For the purposes of this review, online lectures were defined as primarily didactic lectures accessed through digital platforms that do not require active interaction with the video playback interface. Examples of interactivity which would merit exclusion as an online lecture included instructional media in which students “click through” or complete “drag and drop” activities.

In 2007, the Association of American Medical Colleges Institute for Improving Medical Education (AAMC-IIME) published the landmark report Effective Use of Educational Technology in Medical Education. One principal recommendation was that medical educators employ established multimedia design principles when developing instructional materials. These design principles initially emerged from educational psychology literature, as described by Richard Mayer’s Theory of Multimedia Learning.

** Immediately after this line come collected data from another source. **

Definition pdbinom (d : nat) (a b : 'X_{1..d}) : Kpoly d := 'X_[a] - 'X_[b].

Definition expvec (d : nat) (a b : 'X_{1..d}) : 'rV[int]_d :=
  \row_i ((a i)%:Z - (b i)%:Z).

Definition vpos (d : nat) (v : 'rV[int]_d) : 'X_{1..d} :=
  [multinom (if (0 <= v ord0 i)%R then absz (v ord0 i) else 0%N) | i < d].
Definition vneg (d : nat) (v : 'rV[int]_d) : 'X_{1..d} :=
  [multinom (if (v ord0 i < 0)%R then absz (v ord0 i) else 0%N) | i < d].

Definition canon_binom (d : nat) (v : 'rV[int]_d) : Kpoly d :=
  pdbinom (vpos v) (vneg v).

Definition ideal_gen (d : nat) (S : Kpoly d -> Prop) : Kpoly d -> Prop :=
  fun f => exists (n : nat) (c g : 'I_n -> Kpoly d),
    (forall i, S (g i)) /\ f = \sum_(i < n) c i * g i.

Definition same_ideal (d : nat) (I J : Kpoly d -> Prop) : Prop :=
  forall f, I f <-> J f.

Definition lattice_span (d k : nat) (v : 'I_k -> 'rV[int]_d) : 'rV[int]_d -> Prop :=
  fun u => exists c : 'I_k -> int, u = \sum_(i < k) v i *~ c i.

Definition Sat (d : nat) (L : 'rV[int]_d -> Prop) : 'rV[int]_d -> Prop :=
  fun u => exists c : int, c != 0 /\ L (u *~ c).

Definition lattice_ideal (d : nat) (L : 'rV[int]_d -> Prop) : Kpoly d -> Prop :=
  ideal_gen (fun f => exists a b : 'X_{1..d}, L (expvec a b) /\ f = pdbinom a b).

Definition is_unit_poly (d : nat) (f : Kpoly d) : Prop := exists h, f * h = 1.
Definition irreducible_mpoly (d : nat) (p : Kpoly d) : Prop :=
  p != 0 /\ ~ is_unit_poly p /\
  forall f g : Kpoly d, p = f * g -> is_unit_poly f \/ is_unit_poly g.

(* Write a ~ b when x^a - x^b lies in a given ideal; this is a congruence on
   the monoid N^d.  For (1): since v_+ and v_- have disjoint supports, every
   pair (a, b) with a - b = n v is a translate of (n v_+, n v_-), and
   n v_+ ~ n v_- follows from v_+ ~ v_-.  If p is irreducible then v is
   primitive, because x^(nA) - x^(nB) is divisible by x^A - x^B; a primitive
   vector spans a saturated lattice.  For (2): a generator x^P - 1 with P > 0
   makes ~ cancellative, as any x^m divides x^(kP) ~ 1.  For a cancellative
   congruence, a ~ b depends only on a - b, and the differences that occur
   form a subgroup of Z^d containing the v_i, hence all of L. *)

From HB Require Import structures.
From mathcomp Require Import all_boot all_order all_algebra all_field.
From mathcomp Require Import mpoly zify ring.
Import Order.TTheory GRing.Theory Num.Theory.
Local Open Scope ring_scope.
Set Implicit Arguments. Unset Strict Implicit.

Section IdealGen.
Variable d : nat.
Implicit Types (S T : Kpoly d -> Prop) (f g : Kpoly d).

Lemma ideal_gen0 S : ideal_gen S 0.
Proof. by exists 0%N, (fun _ => 0), (fun _ => 0); split; [case | rewrite big_ord0]. Qed.

Lemma ideal_gen_mem S f : S f -> ideal_gen S f.
Proof.
by move=> Sf; exists 1%N, (fun _ => 1), (fun _ => f); rewrite big_ord1 mul1r.
Qed.

Lemma ideal_genMl S h f : ideal_gen S f -> ideal_gen S (h * f).
Proof.
case=> n [c [g [Sg ->]]]; exists n, (fun i => h * c i), g; split=> //.
by rewrite mulr_sumr; apply: eq_bigr => i _; rewrite mulrA.
Qed.

Lemma ideal_genN S f : ideal_gen S f -> ideal_gen S (- f).
Proof. by move=> /(ideal_genMl (-1)); rewrite mulN1r. Qed.

Lemma ideal_genD S f g : ideal_gen S f -> ideal_gen S g -> ideal_gen S (f + g).
Proof.
case=> n1 [c1 [g1 [S1 ->]]] [n2 [c2 [g2 [S2 ->]]]].
pose glue (U : Type) (F1 : 'I_n1 -> U) (F2 : 'I_n2 -> U) i :=
  match split i with inl j => F1 j | inr j => F2 j end.
exists (n1 + n2)%N, (glue _ c1 c2), (glue _ g1 g2); split.
  by move=> i; rewrite /glue; case: (split i).
by rewrite big_split_ord /glue; congr (_ + _); apply: eq_bigr => i _;
  [rewrite (unsplitK (inl i)) | rewrite (unsplitK (inr i))].
Qed.

Lemma ideal_gen_sub S T :
  (forall f, S f -> ideal_gen T f) -> forall f, ideal_gen S f -> ideal_gen T f.
Proof.
move=> ST _ [n [c [g [Sg ->]]]].
elim/big_rec: _ => [|i h _ Th]; first exact: ideal_gen0.
exact/ideal_genD/Th/ideal_genMl/ST.
Qed.

End IdealGen.

Definition ideal_cong d (S : Kpoly d -> Prop) (a b : 'X_{1..d}) :=
  ideal_gen S (pdbinom a b).

Section IdealCong.
Variables (d : nat) (S : Kpoly d -> Prop).
Implicit Types a b m : 'X_{1..d}.
Local Notation cong := (ideal_cong S).

Lemma ideal_cong_refl a : cong a a.
Proof. by rewrite /ideal_cong /pdbinom subrr; apply: ideal_gen0. Qed.

Lemma ideal_cong_sym a b : cong a b -> cong b a.
Proof. by move=> /ideal_genN; rewrite /pdbinom opprB. Qed.

Lemma ideal_cong_trans a b c : cong a b -> cong b c -> cong a c.
Proof. by move=> ab bc; have := ideal_genD ab bc; rewrite /pdbinom addrA subrK. Qed.

Lemma ideal_cong_addr m a b : cong a b -> cong (a + m) (b + m).
Proof.
by move=> /(ideal_genMl 'X_[m]); rewrite /pdbinom mulrBr -!mpolyXD ![(m + _)%MM]addmC.
Qed.

Lemma ideal_cong_addl m a b : cong a b -> cong (m + a) (m + b).
Proof. by rewrite ![(m + _)%MM]addmC; apply: ideal_cong_addr. Qed.

Lemma ideal_cong_add a b a' b' : cong a b -> cong a' b' -> cong (a + a') (b + b').
Proof.
by move=> ab ab'; apply: ideal_cong_trans (ideal_cong_addr _ ab) (ideal_cong_addl _ ab').
Qed.

Lemma ideal_cong_mulmn n a b : cong a b -> cong (a *+ n) (b *+ n).
Proof.
move=> ab; elim: n => [|n IHn]; first by rewrite !mulm0n; apply: ideal_cong_refl.
by rewrite !mulmS; apply: ideal_cong_add.
Qed.

Lemma ideal_cong_cancel (P : 'X_{1..d}) : (forall j, 0 < P j)%N -> cong P 0 ->
  forall a b m, cong (a + m) (b + m) -> cong a b.
Proof.
move=> P_gt0 P1 a b m abm; set K := mdeg m.
have le_m_PK : (m <= P *+ K)%MM.
  apply/mnm_lepP => j; rewrite mulmnE.
  have : (m j <= K)%N by rewrite /K mdegE (bigD1 j) //= leq_addr.
  by have := P_gt0 j; nia.
have PK1 : cong (P *+ K) 0.
  have -> : (0 = 0 *+ K :> 'X_{1..d})%MM by apply/mnmP => j; rewrite mulmnE mnm0E.
  exact: ideal_cong_mulmn.
have aPK : cong (a + P *+ K) a by have := ideal_cong_addl a PK1; rewrite addm0.
have bPK : cong (b + P *+ K) b by have := ideal_cong_addl b PK1; rewrite addm0.
have abPK : cong (a + P *+ K) (b + P *+ K).
  by have := ideal_cong_addr (P *+ K - m) abm; rewrite -!addmA [(m + _)%MM]addmC submK.
exact: ideal_cong_trans (ideal_cong_sym aPK) (ideal_cong_trans abPK bPK).
Qed.

End IdealCong.

Lemma mulrz_mxE m n (A : 'M[int]_(m, n)) c i j : (A *~ c) i j = A i j * c.
Proof. by rewrite -scaler_int mxE intz mulrC. Qed.

Section ExponentVectors.
Variable d : nat.
Implicit Types (a b x y : 'X_{1..d}) (v : 'rV[int]_d).

Lemma expvecE a b j : expvec a b ord0 j = (a j)%:Z - (b j)%:Z.
Proof. by rewrite mxE. Qed.

Lemma vpos_subn_vneg v j : (vpos v j)%:Z - (vneg v j)%:Z = v ord0 j.
Proof. by rewrite /vpos /vneg !mnmE; case: (ltrP (v ord0 j) 0); lia. Qed.

Lemma vpos_vneg_disjoint v j : vpos v j = 0%N \/ vneg v j = 0%N.
Proof. by rewrite /vpos /vneg !mnmE; case: (ltrP (v ord0 j) 0); [left | right]. Qed.

Lemma vneg_eq0 v : (forall j, 0 <= v ord0 j) -> vneg v = 0%MM.
Proof. by move=> v_ge0; apply/mnmP => j; rewrite /vneg !mnmE ltNge v_ge0. Qed.

Lemma vpos_gt0 v j : 0 < v ord0 j -> (0 < vpos v j)%N.
Proof. by rewrite /vpos mnmE => v_gt0; rewrite ltW //; lia. Qed.

Lemma expvec_canon v : expvec (vpos v) (vneg v) = v.
Proof. by apply/rowP => j; rewrite expvecE vpos_subn_vneg (ord1 ord0). Qed.

Lemma expvecxx a : expvec a a = 0.
Proof. by apply/rowP => j; rewrite !mxE subrr. Qed.

Lemma expvecN a b : expvec b a = - expvec a b.
Proof. by apply/rowP => j; rewrite !mxE opprB. Qed.

Lemma expvecD a b a' b' :
  expvec (a + a') (b + b') = expvec a b + expvec a' b'.
Proof. by apply/rowP => j; rewrite !mxE !mnmDE; lia. Qed.

Lemma expvecMn n a b : expvec (a *+ n) (b *+ n) = expvec a b *+ n.
Proof. by apply/rowP => j; rewrite mulmxnE !expvecE !mulmnE; lia. Qed.

Lemma expvec_eq a b a' b' : expvec a b = expvec a' b' -> (a + b' = a' + b)%MM.
Proof.
move=> /rowP E; apply/mnmP => j; have := E j; rewrite !expvecE !mnmDE; lia.
Qed.

Lemma expvec_translate a b x y : (forall j, a j = 0%N \/ b j = 0%N) ->
  expvec x y = expvec a b -> x = (a + (x - a))%MM /\ y = (b + (x - a))%MM.
Proof.
move=> ab_disj /rowP E; split; apply/mnmP => j; have := E j; have := ab_disj j;
  rewrite !expvecE !mnmDE mnmBE; lia.
Qed.

End ExponentVectors.

Lemma lattice_span_mem d k (vs : 'I_k -> 'rV[int]_d) i : lattice_span vs (vs i).
Proof.
exists (fun j => (j == i)%:Z); rewrite (bigD1 i) //= big1 ?addr0 => [|j /negbTE ->].
  by rewrite eqxx mulr1z.
by rewrite mulr0z.
Qed.

Lemma lattice_ideal_canon_binom d (L : 'rV[int]_d -> Prop) v :
  L v -> lattice_ideal L (canon_binom v).
Proof.
by move=> Lv; apply: ideal_gen_mem; exists (vpos v), (vneg v); rewrite expvec_canon.
Qed.

Section CancellativeCong.
Variables (d : nat) (S : Kpoly d -> Prop).
Implicit Types (a b x y : 'X_{1..d}) (u w : 'rV[int]_d).
Local Notation cong := (ideal_cong S).
Hypothesis cong_cancel : forall a b m, cong (a + m) (b + m) -> cong a b.

Lemma ideal_cong_expvec a b x y : cong a b -> expvec x y = expvec a b -> cong x y.
Proof.
move=> ab /expvec_eq xbay; apply: (cong_cancel (m := b)).
by rewrite xbay [(y + b)%MM]addmC; apply: ideal_cong_addr.
Qed.

Let canon_cong u := cong (vpos u) (vneg u).

Lemma canon_cong_expvec a b : cong a b -> canon_cong (expvec a b).
Proof. by move=> ab; apply: ideal_cong_expvec ab _; rewrite expvec_canon. Qed.

Lemma canon_cong0 : canon_cong 0.
Proof. by rewrite -(expvecxx 0); apply/canon_cong_expvec/ideal_cong_refl. Qed.

Lemma canon_congN u : canon_cong u -> canon_cong (- u).
Proof.
by move=> /ideal_cong_sym/canon_cong_expvec; rewrite expvecN expvec_canon.
Qed.

Lemma canon_congD u w : canon_cong u -> canon_cong w -> canon_cong (u + w).
Proof.
by move=> cu cw; have := canon_cong_expvec (ideal_cong_add cu cw);
  rewrite expvecD !expvec_canon.
Qed.

Lemma canon_congMz u c : canon_cong u -> canon_cong (u *~ c).
Proof.
have canon_congMn n : canon_cong u -> canon_cong (u *+ n).
  move=> cu; elim: n => [|n IHn]; first by rewrite mulr0n; apply: canon_cong0.
  by rewrite mulrS; apply: canon_congD.
case: c => n cu; first exact: canon_congMn.
by rewrite NegzE mulrNz; apply/canon_congN/canon_congMn.
Qed.
Lemma gal_conjugate_roots Q x y : irreducible_poly Q ->
    root (map_poly (in_alg E) Q) x -> root (map_poly (in_alg E) Q) y ->
  exists2 g, g \in 'Gal(fullv / 1%VS)%g & g x = y.
Proof.
move=> irrQ Qx Qy.
apply: (normalField_root_minPoly (sub1v _) (normalFieldf _) (memvf x)).
have [m def_m] : exists m, minPoly 1%VS x = map_poly (in_alg E) m.
  by apply/polyOver1P; exact: minPolyOver.
have Q_1 : map_poly (in_alg E) Q \is a polyOver 1%VS by apply/polyOver1P; exists Q.
have m_dvd_Q : m %| Q by rewrite -(dvdp_map (in_alg E)) -def_m minPoly_dvdp.
have size_m : size m != 1.
  rewrite -(size_map_poly (in_alg E)) -def_m neq_ltn.
  by rewrite (root_size_gt1 (monic_neq0 (monic_minPoly _ _)) (root_minPoly _ _)) orbT.
have eq_mQ : map_poly (in_alg E) m %= map_poly (in_alg E) Q.
  by rewrite eqp_map; exact: irrQ.2.
by rewrite def_m (eqp_root eq_mQ).
Qed.

Lemma gal_eq_generators (rs : seq E) g h :
  <<1 & rs>>%VS = fullv -> {in rs, g =1 h} -> g = h.
Proof.
move=> gen_rs eq_gh; pose t := (g * h^-1)%g.
have rs_fixed : {subset rs <= fixedField [set t]}.
  move=> z rs_z; apply/fixedFieldP; first exact: memvf.
  move=> _ /set1P->; rewrite galM ?memvf // eq_gh // -galM ?memvf //.
  by rewrite mulgV gal_id.
have t_id x : t x = x.
  have : (<<1 & rs>> <= fixedField [set t])%VS.
    by apply/Fadjoin_seqP; split; [exact: sub1v | exact: rs_fixed].
  by rewrite gen_rs => /subvP/(_ x (memvf x))/(fixedFieldP (memvf x)); apply; exact: set11.
by apply/eqP; rewrite eq_mulgV1; apply/gal_eqP => x _; rewrite t_id gal_id.
Qed.

End SplittingFieldAutomorphisms.

Section GaloisRepresentation.
Variables (F : fieldType) (E : splittingFieldType F) (K : finFieldType).
Variables (iota : {rmorphism K -> F}) (L : {poly F}) (n : nat) (w : seq E).
Let io : {rmorphism K -> E} := in_alg E \o iota.
Local Notation q := #|K|.
Local Notation P := (map_poly (in_alg E) L).
Local Notation lincomb := (lincomb io).
Local Notation G := 'Gal(fullv / 1%VS)%g.
Implicit Types (g h : gal_of (fullv : {vspace E})).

Mayer described empirical evidence that people learn more effectively from multimedia, or words and pictures together, than words alone. However, simply adding words to pictures is not effective, as instructional media must be designed in accordance with how the human mind works. Based on his empirical research, Mayer outlined multimedia design principles as guiding concepts to enhance learning from multimedia presentations [4]. These principles include pragmatic concepts such as removing extraneous words, employing a conversational style, and reducing redundancy across animation, narration, and on-screen text [5]. A comprehensive list of multimedia design principles can be found in Textbox 1. In the context of medical education, it has been shown that applying multimedia design principles to medical student lectures leads to improved attainment of learning objectives both immediately and long-term [6,7].

Summary of multimedia design principles with definitions reproduced from the Association of American Medical Colleges Institute for Improving Medical Education's Effective Use of Educational Technology in Medical Education.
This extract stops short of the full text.